■ Stored data entries ■
___

(* Let $V=\mathbb{C}^6$ and let $\pi\subset\mathbb{P}(\wedge^2V)$ be a projective plane all of whose points have rank exactly four. Suppose that $\pi$ contains general lines, that the pivots of all general lines in $\pi$ pass through a common point of $\mathbb{P}(V)$, and that these pivots are not all equal. Then $\pi$ is $PGL_6$-equivalent to the plane $\pi_p$ spanned by $e_0\wedge e_3+e_1\wedge e_2$, $e_0\wedge e_4+e_2\wedge e_3$, $e_0\wedge e_5+e_1\wedge e_3$, where $e_0,\dots,e_5$ is a basis of $V$.
   Context: Elements of $\wedge^2\mathbb{C}^6$ are identified with skew-symmetric $6\times6$ matrices; rank means matrix rank. A projective line in $\mathbb{P}(\wedge^2V)$ all of whose points have rank four is called general if it is $PGL_6$-equivalent to the line spanned by $e_0\wedge e_2+e_1\wedge e_3$ and $e_0\wedge e_4+e_1\wedge e_5$. A general line $\ell$ is contained in $\mathbb{P}(W\wedge V)$ for a unique $2$-dimensional subspace $W\subset V$ (for the line above, $W=\langle e_0,e_1\rangle$); the projective line $\mathbb{P}(W)\subset\mathbb{P}(V)$ is called the pivot of $\ell$. Work over $\mathbb{C}$. *)

(* V = C^6 with C = R[i] for an arbitrary R : realType
   (every realType is isomorphic to the real numbers, so R[i] is C). *)
From HB Require Import structures.
From mathcomp Require Import all_boot all_order all_algebra.
From mathcomp Require Import reals.
From mathcomp.real_closed Require Import complex.
Set Implicit Arguments. Unset Strict Implicit. Unset Printing Implicit Defensive.
Import Order.TTheory GRing.Theory Num.Theory.
Local Open Scope ring_scope.

Section Wedge.
Variable K : fieldType.

Definition evec (i : nat) : 'rV[K]_6 := delta_mx 0 (inord i).

(* v /\ w as a skew-symmetric 6x6 matrix : entry (i,j) = v_i w_j - w_i v_j *)
Definition wedge (v w : 'rV[K]_6) : 'M[K]_6 := v^T *m w - w^T *m v.

Definition ew (i j : nat) : 'M[K]_6 := wedge (evec i) (evec j).

Definition skew (X : 'M[K]_6) : bool := X^T == - X.

(* a projective linear subspace of P(/\^2 V) is given by a linear
   subspace S of skew-symmetric matrices; all of its points have rank r *)
Definition skew_space (S : {vspace 'M[K]_6}) : Prop :=
  forall X, X \in S -> skew X.

Definition all_rank (r : nat) (S : {vspace 'M[K]_6}) : Prop :=
  forall X, X \in S -> X != 0 -> \rank X = r.

(* action of GL_6 on /\^2 V : (g . (v /\ w)) = (g v) /\ (g w); with row
   vectors the transformed matrix is g^T X g (g acting on row vectors
   on the right; all of GL_6 is covered). *)
Definition gact (g : 'M[K]_6) (X : 'M[K]_6) : 'M[K]_6 := g^T *m X *m g.

(* S and T are PGL_6-equivalent (scalars act trivially on projective
   subspaces, so GL_6 suffices) *)
Definition PGL_equiv (S T : {vspace 'M[K]_6}) : Prop :=
  exists2 g : 'M[K]_6, g \in unitmx & (linfun (gact g) @: S)%VS = T.

Definition L0 : {vspace 'M[K]_6} :=
  (<[ew 0 2 + ew 1 3]> + <[ew 0 4 + ew 1 5]>)%VS.

Definition general_line (l : {vspace 'M[K]_6}) : Prop :=
  [/\ \dim l = 2%N, skew_space l, all_rank 4 l & PGL_equiv L0 l].

Definition wedgeWV (W : {vspace 'rV[K]_6}) : {vspace 'M[K]_6} :=
  (\sum_(w <- vbasis W) \sum_(j < 6) <[wedge w (evec j)]>)%VS.

Definition is_pivot (l : {vspace 'M[K]_6}) (W : {vspace 'rV[K]_6}) : Prop :=
  \dim W = 2%N /\ (l <= wedgeWV W)%VS.

Definition pi_p : {vspace 'M[K]_6} :=
  (<[ew 0 3 + ew 1 2]> + <[ew 0 4 + ew 2 3]> + <[ew 0 5 + ew 1 3]>)%VS.

End Wedge.

From HB Require Import structures.
From mathcomp Require Import all_boot all_order all_algebra.
From mathcomp Require Import reals.
From mathcomp.real_closed Require Import complex.
From mathcomp Require Import ring zify.
Set Implicit Arguments. Unset Strict Implicit. Unset Printing Implicit Defensive.
Import Order.TTheory GRing.Theory Num.Theory.
Local Open Scope ring_scope.

(* Two general lines of the plane [pi] meet in a form [X].  In a frame where
   [X = e0/\e2 + e1/\e3] and the first line is [<X, e0/\e4 + e1/\e5>], its pivot
   is [<e0, e1>], because a rank-four element of [W /\ V] contains [W] in its row
   space; rotating [e0, e1] we may take [e0] to be the common point [p] of the
   pivots.  The second pivot also lies in the row space of [X], and the way [X]
   contracts vectors orthogonal to it puts it inside [<e0, e1, e3>]; as the
   pivots differ, a shear makes it [<e0, e3>].  A form of the second line
   independent of [X] then lies in [e0 /\ V + e3 /\ V].  Rank four on the whole
   plane forces [d2 = d4 = 0], [d5 != 0] and [zdisc != 0] for its coordinates,
   and then an explicit change of basis carries [pi_p] onto [pi].  Everything
   works over any field of characteristic other than 2. *)

Lemma gact_is_linear (K : fieldType) (g : 'M[K]_6) : linear (gact g).
Proof. by move=> a X Y; rewrite /gact mulmxDr mulmxDl -scalemxAr -scalemxAl. Qed.

HB.instance Definition _ (K : fieldType) (g : 'M[K]_6) :=
  GRing.isLinear.Build K 'M[K]_6 'M[K]_6 *:%R (gact g) (gact_is_linear g).

Section Lines.
Variable K : fieldType.

Lemma memv_add_lineP (vT : vectType K) (u v x : vT) :
  reflect (exists a b, x = a *: u + b *: v) (x \in <[u]> + <[v]>)%VS.
Proof.
apply: (iffP memv_addP).
  by move=> [_ /vlineP [a ->] [_ /vlineP [b ->] ->]]; exists a, b.
move=> [a [b ->]]; exists (a *: u); first by rewrite memvZ // memv_line.
by exists (b *: v); rewrite // memvZ // memv_line.
Qed.

Lemma memv_add_line (vT : vectType K) (u v : vT) a b : a *: u + b *: v \in (<[u]> + <[v]>)%VS.
Proof. by apply/memv_add_lineP; exists a, b. Qed.

Lemma memv_add_linel (vT : vectType K) (u v : vT) : u \in (<[u]> + <[v]>)%VS.
Proof. exact: subvP (addvSl _ _) _ (memv_line u). Qed.

Lemma memv_add_liner (vT : vectType K) (u v : vT) : v \in (<[u]> + <[v]>)%VS.
Proof. exact: subvP (addvSr _ _) _ (memv_line v). Qed.

Lemma memv_add_line3 (vT : vectType K) (u v w : vT) a b c :
  a *: u + b *: v + c *: w \in (<[u]> + <[v]> + <[w]>)%VS.
Proof. by rewrite memv_add ?memv_add_line // memvZ // memv_line. Qed.

Lemma dimv_add_line_leq (vT : vectType K) (u v : vT) : (\dim (<[u]> + <[v]>) <= 2)%N.
Proof.
apply: leq_trans (dimv_add_leqif _ _).1 _.
by rewrite !dim_vline; case: (u != 0); case: (v != 0).
Qed.

Lemma dimv2_lines (vT : vectType K) (W : {vspace vT}) :
  \dim W = 2%N -> exists u v, W = (<[u]> + <[v]>)%VS.
Proof.
move=> dW; have := span_basis (vbasisP W).
have : size (vbasis W : seq _) = 2%N by rewrite size_tuple.
case: (vbasis W : seq _) => [|u [|v [|? ?]]] // _ <-.
by exists u, v; rewrite !span_cons span_nil addv0.
Qed.

Lemma dimv2_line_through (vT : vectType K) (W : {vspace vT}) p :
  \dim W = 2%N -> p \in W -> p != 0 -> exists q, W = (<[p]> + <[q]>)%VS.
Proof.
move=> dW pW pn0; have [u [v defW]] := dimv2_lines dW.
have /memv_add_lineP [a [b defp]] : p \in (<[u]> + <[v]>)%VS by rewrite -defW.
suff [q [uW vW]] : exists q, (u \in <[p]> + <[q]>)%VS /\ (v \in <[p]> + <[q]>)%VS.
  exists q; apply/eqP; rewrite eqEdim dW dimv_add_line_leq andbT.
  by rewrite defW subv_add -!memvE uW vW.
have [a0|an0] := eqVneq a 0.
  have bn0 : b != 0 by apply: contraNneq pn0 => b0; rewrite defp a0 b0 !scale0r addr0.
  exists u; split; apply/memv_add_lineP; first by exists 0, 1; rewrite scale0r scale1r add0r.
  by exists b^-1, 0; rewrite defp a0 scale0r add0r addr0 scalerA mulVf // scale1r.
exists v; split; apply/memv_add_lineP; last by exists 0, 1; rewrite scale0r scale1r add0r.
exists a^-1, (- b / a); rewrite defp scalerDr !scalerA mulVf // scale1r -addrA -scalerDl.
have -> : a^-1 * b + - b / a = 0 by field.
by rewrite scale0r addr0.
Qed.

Lemma memv_add_line_submx m (u v x : 'rV[K]_m) :
  x \in (<[u]> + <[v]>)%VS -> (x <= col_mx u v)%MS.
Proof.
move=> /memv_add_lineP [a [b ->]]; rewrite -addsmxE addmx_sub // scalemx_sub //.
  exact: addsmxSl.
exact: addsmxSr.
Qed.

Lemma lines_in_plane_meet (vT : vectType K) (pi l1 l2 : {vspace vT}) :
  \dim pi = 3%N -> (l1 <= pi)%VS -> (l2 <= pi)%VS -> \dim l1 = 2%N -> \dim l2 = 2%N ->
  (l1 :&: l2)%VS != 0%VS.
Proof.
move=> dpi l1pi l2pi dl1 dl2; rewrite -dimv_eq0; apply/eqP => dcap.
have := dimv_sum_cap l1 l2; rewrite dcap dl1 dl2 addn0 => dsum.
have := dimvS (_ : (l1 + l2 <= pi)%VS); rewrite dsum dpi subv_add l1pi l2pi.
by move/(_ isT).
Qed.

End Lines.

Definition frame (K : fieldType) (r : seq 'rV[K]_6) : 'M[K]_6 := \matrix_(i < 6) r`_i.
Definition L0a (K : fieldType) : 'M[K]_6 := ew K 0 2 + ew K 1 3.
Definition L0b (K : fieldType) : 'M[K]_6 := ew K 0 4 + ew K 1 5.

Definition pi_p1 (K : fieldType) : 'M[K]_6 := ew K 0 3 + ew K 1 2.
Definition pi_p2 (K : fieldType) : 'M[K]_6 := ew K 0 4 + ew K 2 3.
Definition pi_p3 (K : fieldType) : 'M[K]_6 := ew K 0 5 + ew K 1 3.

(* [zmx c d] is [e0 /\ c + e3 /\ d] for [c = (0, c1, c2, c3, c4, c5)] and
   [d = (0, d1, d2, 0, d4, d5)]. *)
Definition zmx_entry (K : fieldType) (c1 c2 c3 c4 c5 d1 d2 d4 d5 : K) (i j : nat) : K :=
  match i, j with
  | 0, 1 => c1 | 0, 2 => c2 | 0, 3 => c3 | 0, 4 => c4 | 0, 5 => c5
  | 1, 0 => - c1 | 2, 0 => - c2 | 3, 0 => - c3 | 4, 0 => - c4 | 5, 0 => - c5
  | 3, 1 => d1 | 3, 2 => d2 | 3, 4 => d4 | 3, 5 => d5
  | 1, 3 => - d1 | 2, 3 => - d2 | 4, 3 => - d4 | 5, 3 => - d5
  | _, _ => 0
  end.

Definition zmx (K : fieldType) (c1 c2 c3 c4 c5 d1 d2 d4 d5 : K) : 'M[K]_6 :=
  \matrix_(i, j) zmx_entry c1 c2 c3 c4 c5 d1 d2 d4 d5 i j.

Section Frames.
Variable K : fieldType.
Implicit Types (g h X Y : 'M[K]_6) (u v w : 'rV[K]_6) (r : seq 'rV[K]_6).
Local Notation L0a := (L0a K).
Local Notation L0b := (L0b K).

Lemma wedgeE u v i j : wedge u v i j = u 0 i * v 0 j - v 0 i * u 0 j.
Proof. by rewrite /wedge !mxE !big_ord1 !mxE. Qed.

Lemma evecE i j : (i < 6)%N -> evec K i 0 j = if (j : nat) == i then 1 else 0.
Proof. by move=> lti; rewrite /evec mxE eqxx /= -(inj_eq val_inj) /= inordK //; case: eqP. Qed.

Lemma evec_mulmxE n k (M : 'M[K]_(6, n)) j : (evec K k *m M) 0 j = M (inord k) j.
Proof. by rewrite /evec -rowE mxE. Qed.

Lemma wedge_submx m u v (S : 'M[K]_(m, 6)) :
  (u <= S)%MS -> (v <= S)%MS -> (wedge u v <= S)%MS.
Proof.
move=> uS vS; rewrite /wedge addmx_sub ?eqmx_opp //.
  exact: submx_trans (submxMl _ _) vS.
exact: submx_trans (submxMl _ _) uS.
Qed.

Lemma row_full_evec m (M : 'M[K]_(m, 6)) :
  (forall k, (k < 6)%N -> (evec K k <= M)%MS) -> row_full M.
Proof.
move=> evM; rewrite /row_full eqn_leq rank_leq_col /= -{1}(mxrank1 K 6) mxrankS //.
apply/row_subP => i; rewrite rowE mulmx1.
by have := evM i (ltn_ord i); rewrite /evec inord_val.
Qed.

Lemma gact_wedge g u v : gact g (wedge u v) = wedge (u *m g) (v *m g).
Proof. by rewrite /gact /wedge mulmxBr mulmxBl !trmx_mul !mulmxA. Qed.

___

■ Task requirements ■
Return, unchanged, the run of lines above that opens with the line containing "<= wedgeWV W)%VS." and closes with the line containing "plane forces [d2". Include both.

■ Exercise answer ■
  \dim W = 2%N /\ (l <= wedgeWV W)%VS.

Definition pi_p : {vspace 'M[K]_6} :=
  (<[ew 0 3 + ew 1 2]> + <[ew 0 4 + ew 2 3]> + <[ew 0 5 + ew 1 3]>)%VS.

End Wedge.

From HB Require Import structures.
From mathcomp Require Import all_boot all_order all_algebra.
From mathcomp Require Import reals.
From mathcomp.real_closed Require Import complex.
From mathcomp Require Import ring zify.
Set Implicit Arguments. Unset Strict Implicit. Unset Printing Implicit Defensive.
Import Order.TTheory GRing.Theory Num.Theory.
Local Open Scope ring_scope.

(* Two general lines of the plane [pi] meet in a form [X].  In a frame where
   [X = e0/\e2 + e1/\e3] and the first line is [<X, e0/\e4 + e1/\e5>], its pivot
   is [<e0, e1>], because a rank-four element of [W /\ V] contains [W] in its row
   space; rotating [e0, e1] we may take [e0] to be the common point [p] of the
   pivots.  The second pivot also lies in the row space of [X], and the way [X]
   contracts vectors orthogonal to it puts it inside [<e0, e1, e3>]; as the
   pivots differ, a shear makes it [<e0, e3>].  A form of the second line
   independent of [X] then lies in [e0 /\ V + e3 /\ V].  Rank four on the whole
   plane forces [d2 = d4 = 0], [d5 != 0] and [zdisc != 0] for its coordinates,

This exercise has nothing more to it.